**Activity:**
Reproduce exactly the stretch of lines running from the line with "- apply potential_rate_nonneg; auto." to the end of the entries below.

**Stored data:**
Lemma coin_expect1 n : coin_expect n (fun _ => 1) = 1.
Proof.
rewrite /coin_expect; under eq_bigr do rewrite mulr1.
rewrite /coin_weight -(bigA_distr_bigA (fun (s : 'I_n) (x : {ffun 'I_d -> bool}) =>
   \prod_(r < d) (if x r then 1 - eps else eps))).
apply: big1 => s _.
rewrite -(bigA_distr_bigA (fun (r : 'I_d) (b : bool) => if b then 1 - eps else eps)).
by apply: big1 => r _; rewrite big_bool /=; lra.
Qed.

Lemma coin_expect_cst n a : coin_expect n (fun _ => a) = a.
Proof.
rewrite -[RHS]mulr1 -(coin_expect1 n) -coin_expectZ.
by apply: eq_coin_expect => w; rewrite mulr1.
Qed.

Lemma coin_expect_prefix n m G : (forall w1 w2, G (coins_cat n w1 w2) = G w1) ->
  coin_expect (n + m) G = coin_expect n G.
Proof.
move=> G_prefix; rewrite coin_expect_cat; apply: eq_coin_expect => w1.
by rewrite (@eq_coin_expect m _ (fun _ => G w1)) ?coin_expect_cst.
Qed.

Lemma coin_expect_ge0 n G : (forall w, 0 <= G w) -> 0 <= coin_expect n G.
Proof. by move=> G_ge0; apply: sumr_ge0 => h _; rewrite mulr_ge0 ?coin_weight_ge0. Qed.

Lemma ler_coin_expect n G G' : (forall w, G w <= G' w) ->
  coin_expect n G <= coin_expect n G'.
Proof. by move=> GG'; apply: ler_sum => h _; rewrite ler_wpM2l ?coin_weight_ge0. Qed.

Lemma coin_weight_le_expect n G (h0 : {ffun 'I_n -> {ffun 'I_d -> bool}}) :
  (forall w, 0 <= G w) -> coin_weight eps h0 * G (coins_of h0) <= coin_expect n G.
Proof.
move=> G_ge0; rewrite /coin_expect (bigD1 h0) //= lerDl.
by apply: sumr_ge0 => h _; rewrite mulr_ge0 ?coin_weight_ge0.
Qed.
End CoinExpectation.

Lemma nneseries_le_bound (R : realType) (u : nat -> R) (B : R) :
  (forall n, 0 <= u n) -> (forall n, \sum_(0 <= t < n) u t <= B) ->
  (\sum_(0 <= t <oo) (u t)%:E <= B%:E)%E.
Proof.
move=> u_ge0 uB; apply: ereal_normedtype.lime_le.
  by apply: is_cvg_nneseries => n _ _; rewrite lee_fin.
by apply: nearW => n; rewrite sumEFin lee_fin.
Qed.

Section GeometricTail.
Variables (R : realType) (p tail : nat -> R) (q : R) (L : nat).
Hypotheses (p_ge0 : forall t, 0 <= p t) (tail_ge0 : forall t, 0 <= tail t).
Hypotheses (p_tail0 : p 0 + tail 0 = 1) (p_tailS : forall t, p t.+1 + tail t.+1 = tail t).
Hypotheses (q_gt0 : 0 < q) (q_le1 : q <= 1) (L_gt0 : (0 < L)%N).
Hypothesis tail_contract : forall t, tail (t + L) <= (1 - q) * tail t.

Lemma tail_nonincr s t : (s <= t)%N -> tail t <= tail s.
Proof.
move=> st; rewrite -(subnKC st); elim: (t - s)%N => [|k IH]; first by rewrite addn0.
by apply: le_trans IH; rewrite addnS -(p_tailS (s + k)) lerDr.
Qed.

Lemma tail_geometric k : tail (k * L) <= (1 - q) ^+ k.
Proof.
elim: k => [|k IH]; first by rewrite mul0n expr0 -p_tail0 lerDr.
rewrite mulSnr exprS; apply: le_trans (tail_contract _) _.
by rewrite ler_wpM2l // subr_ge0.
Qed.

Lemma q_sum_tail_block n : q * \sum_(0 <= s < n * L) tail s <= L%:R * (1 - (1 - q) ^+ n).
Proof.
elim: n => [|n IH]; first by rewrite mul0n big_geq // expr0 subrr !mulr0.
rewrite mulSnr (@big_cat_nat _ _ _ (n * L)) //= ?leq_addr // mulrDr.
have block : \sum_(n * L <= s < n * L + L) tail s <= L%:R * (1 - q) ^+ n.
  apply: le_trans (_ : \sum_(n * L <= s < n * L + L) tail (n * L)%N <= _).
    by apply: ler_sum_nat => s /andP[ns _]; apply: tail_nonincr.
  rewrite sumr_const_nat addKn -[X in X <= _]mulr_natl.
  by apply: ler_wpM2l; [exact: ler0n | exact: tail_geometric].
have qblock := ler_wpM2l (ltW q_gt0) block.
move: IH qblock; rewrite exprS; set X := (1 - q) ^+ n; nra.
Qed.
Lemma infinite_sum_of_telescoping (G E : nat -> R) (P K : R) :
  0 <= K -> (forall n, 0 <= G n) -> (forall n, 0 <= E n <= K * G n) ->
  (forall n, sum_f_R0 G n = P - E (S n)) -> infinite_sum G P.
Proof.
  intros HK HG HE Hsum.
  assert (Hgrow : Un_growing (sum_f_R0 G)) by (intros n; simpl; pose proof (HG (S n)); lra).
  assert (Hub : has_ub (sum_f_R0 G)).
  { exists P. intros x [n ->]. rewrite Hsum. pose proof (HE (S n)). lra. }
  destruct (growing_cv _ Hgrow Hub) as [l Hl].
  intros ep Hep. set (ep' := ep / (2 * (K + 1))).
  assert (Hep' : 0 < ep') by (unfold ep'; apply Rdiv_lt_0_compat; lra).
  assert (Hep2 : 2 * (K + 1) * ep' = ep) by (unfold ep'; field; lra).
  destruct (Hl ep' Hep') as [N HN]. exists N. intros n Hn.
  pose proof (HN n Hn) as H1. pose proof (HN (S n) ltac:(lia)) as H2.
  unfold Rdist in *. apply Rabs_def2 in H1. apply Rabs_def2 in H2.
  (* the next term is small, hence so is the leftover *)
  assert (Hnext : G (S n) < 2 * ep') by (simpl in H2; lra).
  rewrite Hsum. replace (P - E (S n) - P) with (- E (S n)) by ring.
  rewrite Rabs_Ropp. pose proof (HE (S n)) as [E1 E2]. rewrite Rabs_right by lra.
  assert (K * G (S n) <= K * (2 * ep')) by (apply Rmult_le_compat_l; lra).
  nra.
Qed.

Theorem mainTheorem9 (T : btree) (p : R) (sigma : history -> R)
  (eps : addr -> R) :
  0 < p <= 1 ->
  (forall h, 0 <= sigma h <= 1) ->
  equal_branching_density T p eps ->
  infinite_sum (fun n => payoff_tail T p sigma eps n)
    (tau p T / 2 + Lambda p T).
Proof.
  intros Hp Hsigma Hdens.
  apply (infinite_sum_of_telescoping _
           (fun n => expect T p sigma n (fun v tr => potential T p eps v tr) [] [] [])
           _ (potential_rate T p)).
  - apply potential_rate_nonneg; auto.
  - intros n. apply payoff_tail_nonneg; auto.
  - intros n. apply expected_potential_bounds; auto.
  - intros n. apply payoff_partial_sums; auto.
Qed.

**Exercise output:**
  - apply potential_rate_nonneg; auto.
  - intros n. apply payoff_tail_nonneg; auto.
  - intros n. apply expected_potential_bounds; auto.
  - intros n. apply payoff_partial_sums; auto.
Qed.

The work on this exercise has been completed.